[Provided material Boundary: Start]

Lemma meval_mderivm_nodalmM_eq0 q j h t : ~~ (q <= j)%MM ->
  ((nodalm q * h)^`M[j]).@[gridpt t] = 0.
Proof.
move=> qj; have [f [_ Hq]] := mderivm_nodalmM q j; have [Q -> _] := Hq h.
rewrite mevalM meval_nodalm ?mul0r //; apply: contra qj => /eqP qj0.
apply/mnm_lepP => i; have := congr1 (fun x : 'X_{1..n} => x i) qj0.
by rewrite mnmBE mnm0E => /eqP; rewrite subn_eq0.
Qed.

Lemma meval_mderivm_nodalmM_diag q : exists2 f : point -> F, (forall t, f t != 0) &
  forall h t, ((nodalm q * h)^`M[q]).@[gridpt t] = f t * h.@[gridpt t].
Proof.
have [f [f0 Hq]] := mderivm_nodalmM q q; exists f => [|h t]; first exact: f0 (lepm_refl q).
have [Q -> vQ] := Hq h.
by rewrite -[X in (X - _)%MM](add0m q) addmK nodalm0 mul1r vQ ?lepm_refl.
Qed.

End Nodal.

Section Encoding.
Variables (n m k : nat).
Local Notation point := (point n m).
Local Notation D := (psi_dom n m k).

Lemma mono_divisibleP (e : 'X_{1..n}) :
  mono_divisible m k e <-> (k <= mdeg (mdivn e m.+1))%N.
Proof.
split => [[s se] | ke].
  rewrite -(size_tuple s) -sum_count_mem mdegE; apply: leq_sum => i _.
  by rewrite mnmE leq_divRL ?se.
set q := mdivn e m.+1; have sz : size (take k (mnm_seq q)) == k.
  by rewrite size_takel // size_mnm_seq.
exists (Tuple sz) => i /=; apply: leq_trans (leq_divM (e i) m.+1).
have -> : (e i %/ m.+1)%N = count_mem i (mnm_seq q) by rewrite count_mnm_seq mnmE.
by rewrite leq_mul2r -[in leqRHS](cat_take_drop k (mnm_seq q)) count_cat leq_addr orbT.
Qed.

(* [psi_dom] drops the pairs [(0, j)] with [|j| = k - 1], while the degree
   bound drops the exponents [(m+1) j + (m,...,m)] with [|j| = k - 1];
   exchanging the two corners matches them. *)
Definition corner_swap (x : point) : point :=
  if x == origin n m then top_point n m else if x == top_point n m then origin n m else x.

Lemma corner_swapK : involutive corner_swap.
Proof.
move=> x; rewrite /corner_swap.
have [-> | xo] := eqVneq x (origin n m); first by case: eqVneq => [-> | _]; rewrite ?eqxx.
have [-> | xt] := eqVneq x (top_point n m); first by rewrite ?eqxx.
by rewrite (negbTE xo) (negbTE xt).
Qed.

Lemma corner_swap_eq_top x : (corner_swap x == top_point n m) = (x == origin n m).
Proof.
have swap_origin : corner_swap (origin n m) = top_point n m by rewrite /corner_swap eqxx.
by rewrite -swap_origin (inj_eq (can_inj corner_swapK)).
Qed.

Lemma corner_swap_top : corner_swap (top_point n m) = origin n m.
Proof. by apply/eqP; rewrite -corner_swap_eq_top corner_swapK. Qed.

Definition mnm_of_point (r : point) : 'X_{1..n} := [multinom (r i : nat) | i < n].

Lemma mdeg_mnm_of_point_le r : (mdeg (mnm_of_point r) <= n * m)%N.
Proof.
rewrite mdegE -[n in (_ <= n * _)%N]card_ord -sum_nat_const.
by apply: leq_sum => i _; rewrite mnmE -ltnS.
Qed.

Lemma mdeg_mnm_of_point_lt r : r != top_point n m -> (mdeg (mnm_of_point r) < n * m)%N.
Proof.
move=> rt; have [i ri] : exists i, (r i < m)%N.
  apply/existsP; apply: contraNT rt => /existsPn rm; apply/eqP/ffunP => i.
  by apply/val_inj; rewrite ffunE /=; apply/eqP; rewrite eqn_leq -ltnS ltn_ord leqNgt rm.
rewrite mdegE -[n in (_ < n * _)%N]card_ord -sum_nat_const.
rewrite (bigD1 i) //= [X in (_ < X)%N](bigD1 i) //=.
rewrite mnmE -addSn leq_add //; apply: leq_sum => l _.
by rewrite mnmE -ltnS.
Qed.

Definition expo (u : point * midx n k) : 'X_{1..n} :=
  (bmnm u.2 *+ m.+1 + mnm_of_point (corner_swap u.1))%MM.

Lemma expo_inj : injective expo.
Proof.
move=> [x1 j1] [x2 j2] /mnmP e12.
have e i : bmnm j1 i = bmnm j2 i /\ (corner_swap x1 i : nat) = corner_swap x2 i.
  have := e12 i; rewrite !mnmDE !mulmnE !mnmE => ei.
  have := congr1 (divn^~ m.+1) ei; have := congr1 (modn^~ m.+1) ei.
  rewrite !modnMDl !divnMDl // !modn_small // !divn_small // !addn0.
  by move=> -> ->.
congr pair; last by apply/val_inj/mnmP => i; case: (e i).
by apply: (can_inj corner_swapK); apply/ffunP => i; apply/val_inj; case: (e i).
Qed.

Definition reduced_exp (e : 'X_{1..n}) : Prop :=
  (mdeg e <= deg_bound n m k)%N /\ ~ mono_divisible m k e.

Lemma reduced_exp_le u e : u \in D -> (e <= expo u)%MM -> reduced_exp e.
Proof.
case: u => x j; rewrite inE /= => xD le_e; move/mnm_lepP: (le_e) => le_ei.
have r_le i : (corner_swap x i <= m)%N by rewrite -ltnS.
have jk := bmdeg j; split.
  have := lemc_mdeg (lem_leo le_e); rewrite mdegD mdegMn /deg_bound [(m * n)%N]mulnC /= => de.
  case/orP: xD => [xo | jk2].
    have lt : (mdeg (mnm_of_point (corner_swap x)) < n * m)%N.
      by apply: mdeg_mnm_of_point_lt; rewrite corner_swap_eq_top.
    have : (mdeg j * m.+1 <= m.+1 * (k - 1))%N by rewrite mulnC leq_mul2l; lia.
    lia.
  have le := mdeg_mnm_of_point_le (corner_swap x).
  have : (mdeg j * m.+1 + m.+1 <= m.+1 * (k - 1))%N by rewrite -mulSnr mulnC leq_mul2l; lia.
  lia.
move/mono_divisibleP; apply/negP; rewrite -ltnNge; apply: leq_ltn_trans jk.
apply/lemc_mdeg/lem_leo/mnm_lepP => i; rewrite mnmE -ltnS ltn_divLR // mulSn addnC.
by apply: leq_ltn_trans (le_ei i) _; rewrite mnmDE mulmnE ltn_add2l ltnS mnmE r_le.
Qed.

Lemma reduced_exp_expo e : (1 < k)%N -> reduced_exp e -> exists2 u, u \in D & expo u = e.
Proof.
move=> k2 [de nd]; set j := mdivn e m.+1.
have jk : (mdeg j < k)%N.
  by rewrite ltnNge; apply/negP => kj; apply/nd/mono_divisibleP.
pose r : point := [ffun i => inord (e i %% m.+1)].
have er : expo (corner_swap r, BMultinom jk) = e.
  apply/mnmP => i.
  by rewrite mnmDE mulmnE corner_swapK /= !mnmE ffunE inordK ?ltn_mod // -divn_eq.
exists (corner_swap r, BMultinom jk) => //; rewrite inE /=.
have [rt | ] := eqVneq r (top_point n m); last by rewrite -corner_swap_eq_top corner_swapK => ->.
apply/orP; right; move: de; rewrite -er mdegD mdegMn /= corner_swapK rt /deg_bound.
have -> : mdeg (mnm_of_point (top_point n m)) = (m * n)%N.
  rewrite mdegE (eq_bigr (fun=> m)) => [|i _]; last by rewrite mnmE ffunE.
  by rewrite sum_nat_const card_ord mulnC.
have pos : (0 < m.+1 * (k - 1))%N by rewrite muln_gt0 subn_gt0 k2.
move: (mdeg j) => d de; rewrite -(ltn_pmul2r (ltn0Sn m)) -subn1 [(_ * m.+1)%N in leqRHS]mulnC.
by clear -pos de; lia.
Qed.

End Encoding.

Lemma card_bmnm_mdeg_le n b c : (c < b)%N ->
  #|[set j : 'X_{1..n < b} | (mdeg j <= c)%N]| = 'C(n + c, n).
Proof.
move=> cb; rewrite -card_partial_ord_partitions.
pose h (j : 'X_{1..n < b}) : n.-tuple 'I_c.+1 := [tuple inord (bmnm j i) | i < n].
have sum_tuple (t : n.-tuple 'I_c.+1) : (\sum_(i <- t) i = \sum_(i < n) tnth t i)%N.
  by rewrite big_tuple.
have hE (j : 'X_{1..n < b}) : (mdeg j <= c)%N -> forall i, (tnth (h j) i : nat) = bmnm j i.
  move=> jc i; rewrite tnth_mktuple inordK // ltnS (leq_trans _ jc) //.
  by rewrite mdegE (bigD1 i) //= leq_addr.
rewrite -(card_in_imset (f := h)) => [|j1 j2]; last first.
  rewrite !inE => j1c j2c hj; apply/val_inj/mnmP => i.
  by rewrite -(hE _ j1c) -(hE _ j2c) hj.
apply: eq_card => t; rewrite inE; apply/imsetP/idP => [[j] | tc].
  by rewrite inE => jc ->; rewrite sum_tuple (eq_bigr _ (fun i _ => hE j jc i)) -mdegE.
pose j0 := [multinom (tnth t i : nat) | i < n].
have j0c : (mdeg j0 <= c)%N.
  by rewrite mdegE (eq_bigr _ (fun i _ => mnmE _ i)) -sum_tuple.
exists (BMultinom (leq_ltn_trans j0c cb)); first by rewrite inE.
by apply: eq_from_tnth => i; apply/val_inj => /=; rewrite hE //= mnmE.
Qed.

[Provided material Boundary: End]

What you will do
All lines in the data above from the one with "Variables (n m k : nat)." through the one with "set q := mdivn" must be repeated exactly, and no others.

Result
Variables (n m k : nat).
Local Notation point := (point n m).
Local Notation D := (psi_dom n m k).

Lemma mono_divisibleP (e : 'X_{1..n}) :
  mono_divisible m k e <-> (k <= mdeg (mdivn e m.+1))%N.
Proof.
split => [[s se] | ke].
  rewrite -(size_tuple s) -sum_count_mem mdegE; apply: leq_sum => i _.
  by rewrite mnmE leq_divRL ?se.
set q := mdivn e m.+1; have sz : size (take k (mnm_seq q)) == k.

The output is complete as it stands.